▶ _LISTED ENTRIES_:
(* Let $\{p^\circ_{(R,\alpha)}\}_{(R,\alpha)}$ be a replacement rule satisfying the Fixation Axiom and representing neutral drift, and consider the evolutionary Markov chain with $u=0$. Then for every state $\mathbf{x}\in\{0,1\}^G$, $$\lim_{t\to\infty}P^{(t)}_{\mathbf{x}\to\mathbf{A}}=\hat x.$$ In particular, for each $g\in G$, $\lim_{t\to\infty}P^{(t)}_{\mathbf{1}_{\{g\}}\to\mathbf{A}}=v_g/n$, and $\rho_A=\rho_a=\dfrac{\hat b^\circ}{n\,b^\circ}$.
   Context: Setting. $G$ is a finite nonempty set of genetic sites, $n=|G|$. A state is $\mathbf{x}\in\{0,1\}^G$ ($x_g=1$: allele $A$ at $g$; $0$: allele $a$). For $S\subseteq G$, $\mathbf{1}_S$ has $x_g=1$ iff $g\in S$; $\mathbf{a}=\mathbf{1}_\emptyset$, $\mathbf{A}=\mathbf{1}_G$. A replacement event is $(R,\alpha)$ with $R\subseteq G$, $\alpha:R\to G$. A replacement rule representing neutral drift is a single probability distribution $\{p^\circ_{(R,\alpha)}\}$ over events, used in every state. The evolutionary Markov chain with $u=0$ moves from $\mathbf{x}$ by drawing $(R,\alpha)$ with probability $p^\circ_{(R,\alpha)}$ and setting $x'_g=x_{\alpha(g)}$ for $g\in R$, $x'_g=x_g$ for $g\notin R$; $P^{(t)}_{\mathbf{x}\to\mathbf{y}}$ are $t$-step transition probabilities. Fixation Axiom: there exist $g\in G$, $m\ge1$, events $(R_k,\alpha_k)_{k=1}^m$ with $p^\circ_{(R_k,\alpha_k)}>0$, $g\in R_k$ for some $k$, and $\tilde\alpha_1\circ\cdots\circ\tilde\alpha_m(h)=g$ for all $h$, where $\tilde\alpha_k$ equals $\alpha_k$ on $R_k$ and the identity elsewhere. Quantities: $e^\circ_{gh}=\sum_{(R,\alpha):h\in R,\alpha(h)=g}p^\circ_{(R,\alpha)}$, $d^\circ_g=\sum_he^\circ_{hg}$, $b^\circ=\sum_{g,h}e^\circ_{gh}$. Reproductive values $(v_g)$: the unique solution of $d^\circ_gv_g=\sum_he^\circ_{gh}v_h$ for all $g$ and $\sum_gv_g=n$. $\hat x=\frac1n\sum_gv_gx_g$, $\hat b^\circ=\sum_{g,h}e^\circ_{gh}v_h$. Mutant appearance distributions: $\mu_A(\mathbf{1}_{\{g\}})=d^\circ_g/b^\circ$ (zero on other states), $\mu_a(\mathbf{1}_{G\setminus\{g\}})=d^\circ_g/b^\circ$ (zero elsewhere); $\rho_A=\sum_\mathbf{x}\mu_A(\mathbf{x})\lim_tP^{(t)}_{\mathbf{x}\to\mathbf{A}}$, $\rho_a=\sum_\mathbf{x}\mu_a(\mathbf{x})\lim_tP^{(t)}_{\mathbf{x}\to\mathbf{a}}$. *)

From HB Require Import structures.
From mathcomp Require Import all_boot all_order all_algebra.
From mathcomp Require Import all_classical all_reals all_analysis.
Set Implicit Arguments. Unset Strict Implicit. Unset Printing Implicit Defensive.
Import Order.TTheory GRing.Theory Num.Theory.
Import numFieldTopology.Exports numFieldNormedType.Exports.
Local Open Scope ring_scope.
Local Open Scope classical_set_scope.
Local Open Scope ring_scope.

Section Evo.
Variables (R : realType) (G : finType).

(* A state x in {0,1}^G: x g = true means allele A at site g. *)
Definition state := {ffun G -> bool}.

(* A replacement event (R, alpha) with R ⊆ G, alpha : R -> G is encoded as
   e : G -> option G, with R = {g | e g <> None} and alpha g = h iff e g = Some h. *)
Definition event := {ffun G -> option G}.

Definition step (e : event) (x : state) : state :=
  [ffun g => match e g with Some h => x h | None => x g end].

Definition ind (S : {set G}) : state := [ffun g => g \in S].
Definition allA : state := ind [set: G]%SET.
Definition alla : state := ind (@finset.set0 G).

Variable p : event -> R.

Definition P1 (x y : state) : R := \sum_(e : event | step e x == y) p e.

Fixpoint Pt (t : nat) (x y : state) : R :=
  match t with
  | 0 => (x == y)%:R
  | t'.+1 => \sum_(z : state) P1 x z * Pt t' z y
  end.

Definition etilde (e : event) (h : G) : G :=
  match e h with Some j => j | None => h end.

Definition fixation_axiom : Prop :=
  exists (g : G) (s : seq event),
    [/\ (0 < size s)%N,
        all (fun e : event => 0 < p e) s,
        has (fun e : event => e g != None) s &
        forall h, foldr (fun (e : event) (f : G -> G) => etilde e \o f) id s h = g].

Definition emat (g h : G) : R := \sum_(e : event | e h == Some g) p e.
Definition dval (g : G) : R := \sum_(h : G) emat h g.
Definition btot : R := \sum_(g : G) \sum_(h : G) emat g h.

Definition is_repro (v : G -> R) : Prop :=
  (forall g, dval g * v g = \sum_(h : G) emat g h * v h) /\
  \sum_(g : G) v g = #|G|%:R.

Definition xhat (v : G -> R) (x : state) : R :=
  #|G|%:R^-1 * \sum_(g : G) v g * (x g)%:R.
Definition bhat (v : G -> R) : R := \sum_(g : G) \sum_(h : G) emat g h * v h.

Definition muA (x : state) : R :=
  \sum_(g : G) (x == ind [set g]%SET)%:R * (dval g / btot).
Definition mua (x : state) : R :=
  \sum_(g : G) (x == ind (~: [set g]%SET))%:R * (dval g / btot).

Definition rhoA : R :=
  \sum_(x : state) muA x * lim ((fun t => Pt t x allA) @ \oo).
Definition rhoa : R :=
  \sum_(x : state) mua x * lim ((fun t => Pt t x alla) @ \oo).

End Evo.

From HB Require Import structures.
From mathcomp Require Import all_boot all_order all_algebra.
From mathcomp Require Import all_classical all_reals all_analysis.
From mathcomp Require Import ring lra zify.
Set Implicit Arguments. Unset Strict Implicit. Unset Printing Implicit Defensive.
Import Order.TTheory GRing.Theory Num.Theory.
Import numFieldTopology.Exports numFieldNormedType.Exports.
Local Open Scope ring_scope.
Local Open Scope classical_set_scope.

(* Reproductive values make x^ harmonic for the chain: if the offspring of h
   replaces g, then n x^ changes by v_g (x_h - x_g), and the equations
   d_g v_g = sum_h e_gh v_h make these changes cancel on average.  Hence
   sum_y P^(t)(x -> y) x^(y) = x^(x) for every t.  The fixation axiom gives a
   fixed sequence of m events of total probability d > 0 that sends every
   state to A or to a, so the probability of still being polymorphic after
   k m steps is at most (1 - d)^k.  As x^(A) = 1 and x^(a) = 0, letting t grow
   gives P^(t)(x -> A) -> x^(x) and P^(t)(x -> a) -> 1 - x^(x).  Then rho_A
   and rho_a are both the average of v_g / n with weights d_g / b, which the
   same equations turn into b^ / (n b). *)

Lemma sum_mixture (R : ringType) (I T : finType) (a : I -> T) (w : I -> R)
    (f : T -> R) :
  \sum_(x : T) (\sum_(i : I) (x == a i)%:R * w i) * f x = \sum_(i : I) w i * f (a i).
Proof.
under eq_bigr do rewrite mulr_suml.
rewrite exchange_big /=; apply: eq_bigr => i _.
rewrite (bigD1 (a i)) //= eqxx mul1r big1 ?addr0 // => x /negbTE ->.
by rewrite !mul0r.
Qed.

Lemma cvg_divn (m : nat) : (0 < m)%N -> (fun t => (t %/ m)%N) @ \oo --> \oo.
Proof.
move=> m_gt0; apply/cvgnyPge => k; near=> t; rewrite leq_divRL //.
near: t; exact: nbhs_infty_ge.
Unshelve. all: end_near. Qed.

Section NeutralDrift.
Variables (R : realType) (G : finType) (p : event G -> R).
Hypotheses (p_ge0 : forall e, 0 <= p e) (p_sum1 : \sum_(e : event G) p e = 1).

Lemma P1_ge0 x y : 0 <= P1 p x y.
Proof. exact: sumr_ge0. Qed.

Lemma Pt_ge0 t x y : 0 <= Pt p t x y.
Proof.
elim: t x => [|t IH] x /=; first by rewrite ler0n.
by apply: sumr_ge0 => z _; rewrite mulr_ge0 ?P1_ge0.
Qed.

Lemma sum_P1_mul x (f : state G -> R) :
  \sum_(z : state G) P1 p x z * f z = \sum_(e : event G) p e * f (step e x).
Proof.
under eq_bigr do rewrite mulr_suml.
rewrite (exchange_big_dep predT) //=; apply: eq_bigr => e _.
by rewrite (big_pred1 (step e x)) // => z; rewrite eq_sym.
Qed.

Lemma PtD s t x y :
  Pt p (s + t) x y = \sum_(z : state G) Pt p s x z * Pt p t z y.
Proof.
elim: s x => [|s IH] x /=.
  rewrite (bigD1 x) //= eqxx mul1r big1 ?addr0 // => z /negbTE.
  by rewrite eq_sym => ->; rewrite mul0r.
under eq_bigr do rewrite IH mulr_sumr.
rewrite exchange_big /=; apply: eq_bigr => w _.
by rewrite mulr_suml; apply: eq_bigr => z _; rewrite mulrA.
Qed.

Lemma Pt_harmonic (f : state G -> R) :
    (forall x, \sum_(z : state G) P1 p x z * f z = f x) ->
  forall t x, \sum_(y : state G) Pt p t x y * f y = f x.
Proof.
move=> f_harm; elim=> [|t IH] x /=.
  rewrite (bigD1 x) //= eqxx mul1r big1 ?addr0 // => y /negbTE.
  by rewrite eq_sym => ->; rewrite mul0r.
under eq_bigr do rewrite mulr_suml.
rewrite exchange_big /= -[RHS]f_harm; apply: eq_bigr => z _.
by rewrite -IH mulr_sumr; apply: eq_bigr => y _; rewrite mulrA.
Qed.

Lemma sum_Pt t x : \sum_(y : state G) Pt p t x y = 1.
Proof.
have one_harm z : \sum_(w : state G) P1 p z w * 1 = 1.
  by rewrite sum_P1_mul; under eq_bigr do rewrite mulr1.
rewrite -[RHS](Pt_harmonic one_harm t x).
by apply: eq_bigr => y _; rewrite mulr1.
Qed.

Lemma Pt_absorbing a t y :
  (forall e, step e a = a) -> Pt p t a y = (a == y)%:R.
Proof.
move=> a_fixed; elim: t => [|t IH] //=.
rewrite (sum_P1_mul a (fun z => Pt p t z y)).
under eq_bigr do rewrite a_fixed IH.
by rewrite -mulr_suml p_sum1 mul1r.
Qed.

Lemma step_etilde (e : event G) (x : state G) (g : G) : step e x g = x (etilde e g).
Proof. by rewrite ffunE /etilde; case: (e g). Qed.

Lemma step_allA e : step e (allA G) = allA G.
Proof. by apply/ffunP => g; rewrite step_etilde !ffunE !inE. Qed.

Lemma step_alla e : step e (alla G) = alla G.
Proof. by apply/ffunP => g; rewrite step_etilde !ffunE !inE. Qed.

Definition run (s : seq (event G)) (x : state G) : state G :=
  foldl (fun y e => step e y) x s.

Lemma runE s x :
  run s x = [ffun g => x (foldr (fun e (f : G -> G) => etilde e \o f) id s g)].
Proof.
elim: s x => [|e s IH] x /=; first by apply/ffunP => g; rewrite ffunE.
rewrite /run /= -/(run s _) IH; apply/ffunP => g.
by rewrite ffunE step_etilde ffunE.
Qed.

Lemma Pt_run s x : \prod_(e <- s) p e <= Pt p (size s) x (run s x).
Proof.
elim: s x => [|e s IH] x /=; first by rewrite big_nil eqxx.
rewrite big_cons (bigD1 (step e x)) //= -[leLHS]addr0 lerD //; last first.
  by apply: sumr_ge0 => z _; rewrite mulr_ge0 ?P1_ge0 ?Pt_ge0.
apply: ler_pM; rewrite ?prodr_ge0 ?IH //.
by rewrite /P1 (bigD1 e) //= lerDl sumr_ge0.
Qed.

Definition polymorphic (y : state G) := (y != allA G) && (y != alla G).

Definition polymass t x := \sum_(y | polymorphic y) Pt p t x y.

Lemma allA_neq_alla : (0 < #|G|)%N -> allA G != alla G.
Proof.
case/card_gt0P => g _; apply/eqP => /(congr1 (fun x : state G => x g)).
by rewrite !ffunE !inE.
Qed.

Lemma sum_state_split (F : state G -> R) : (0 < #|G|)%N ->
  \sum_(y : state G) F y = F (allA G) + F (alla G) + \sum_(y | polymorphic y) F y.
Proof.
move=> /allA_neq_alla Aa; rewrite (bigD1 (allA G)) //= (bigD1 (alla G)) //=.
  by rewrite addrA.
by rewrite eq_sym.
Qed.

Lemma polymass_ge0 t x : 0 <= polymass t x.
Proof. by apply: sumr_ge0 => y _; apply: Pt_ge0. Qed.

Lemma polymassE t x : (0 < #|G|)%N ->
  polymass t x = 1 - Pt p t x (allA G) - Pt p t x (alla G).
Proof. by move=> G_gt0; rewrite /polymass -(sum_Pt t x) (sum_state_split _ G_gt0); ring. Qed.

Lemma polymass_monomorphic t y : ~~ polymorphic y -> polymass t y = 0.
Proof.
move=> /nandP[] /negPn/eqP ->; apply: big1 => z /andP[zA za].
- by rewrite Pt_absorbing 1?eq_sym ?(negbTE zA) //; apply: step_allA.
- by rewrite Pt_absorbing 1?eq_sym ?(negbTE za) //; apply: step_alla.
Qed.

Lemma polymassD s t x :
  polymass (s + t) x = \sum_(z | polymorphic z) Pt p s x z * polymass t z.
Proof.
rewrite /polymass; under eq_bigr do rewrite PtD.
rewrite exchange_big (bigID polymorphic) /= [X in _ + X]big1 ?addr0 => [|z z_mono].
- by apply: eq_bigr => z _; rewrite mulr_sumr.
- by rewrite -mulr_sumr -/(polymass t z) polymass_monomorphic ?mulr0.
Qed.

Lemma p_le1 e : p e <= 1.
Proof. by rewrite -p_sum1 (bigD1 e) //= lerDl sumr_ge0. Qed.

Lemma prod_p_le1 (s : seq (event G)) : \prod_(e <- s) p e <= 1.
Proof. by apply: prodr_ile1 => e _; rewrite p_ge0 p_le1. Qed.

Lemma prod_p_gt0 (s : seq (event G)) :
  all (fun e => 0 < p e) s -> 0 < \prod_(e <- s) p e.
Proof. by move=> s_pos; rewrite big_seq; apply: prodr_gt0 => e /(allP s_pos). Qed.

Section Fixation.
Variables (g0 : G) (s : seq (event G)).
Hypothesis s_fix : forall h, foldr (fun e (f : G -> G) => etilde e \o f) id s h = g0.

Let d := \prod_(e <- s) p e.

Lemma run_fixation x : run s x = if x g0 then allA G else alla G.
Proof. by rewrite runE; apply/ffunP => g; rewrite !ffunE s_fix; case: (x g0); rewrite !ffunE inE. Qed.

Hypothesis G_gt0 : (0 < #|G|)%N.

Lemma polymass_size x : polymass (size s) x <= 1 - d.
Proof.
rewrite polymassE //; have := Pt_run s x; rewrite run_fixation -/d.
have := Pt_ge0 (size s) x (allA G); have := Pt_ge0 (size s) x (alla G).
by case: (x g0) => /=; lra.
Qed.

Lemma polymass_decay k t x : (k * size s <= t)%N -> polymass t x <= (1 - d) ^+ k.
Proof.
elim: k t x => [|k IH] t x le_t.
  rewrite expr0 polymassE //.
  by have := Pt_ge0 t x (allA G); have := Pt_ge0 t x (alla G); lra.
have le_st : (size s <= t)%N by move: le_t; rewrite mulSn; lia.
rewrite -(subnKC le_st) polymassD.
apply: (@le_trans _ _ (\sum_(z | polymorphic z) Pt p (size s) x z * (1 - d) ^+ k)).
  apply: ler_sum => z _; rewrite ler_wpM2l ?Pt_ge0 // IH //.
  by move: le_t; rewrite mulSn; lia.
rewrite -mulr_suml exprS; apply: ler_wpM2r (polymass_size x).
by rewrite exprn_ge0 // subr_ge0 prod_p_le1.
Qed.

End Fixation.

▶ _INSTRUCTIONS FOR THE TASK_:
Pull every line containing the word "average" out of the listing.

▶ _THE ANSWER_:
   d_g v_g = sum_h e_gh v_h make these changes cancel on average.  Hence
   and rho_a are both the average of v_g / n with weights d_g / b, which the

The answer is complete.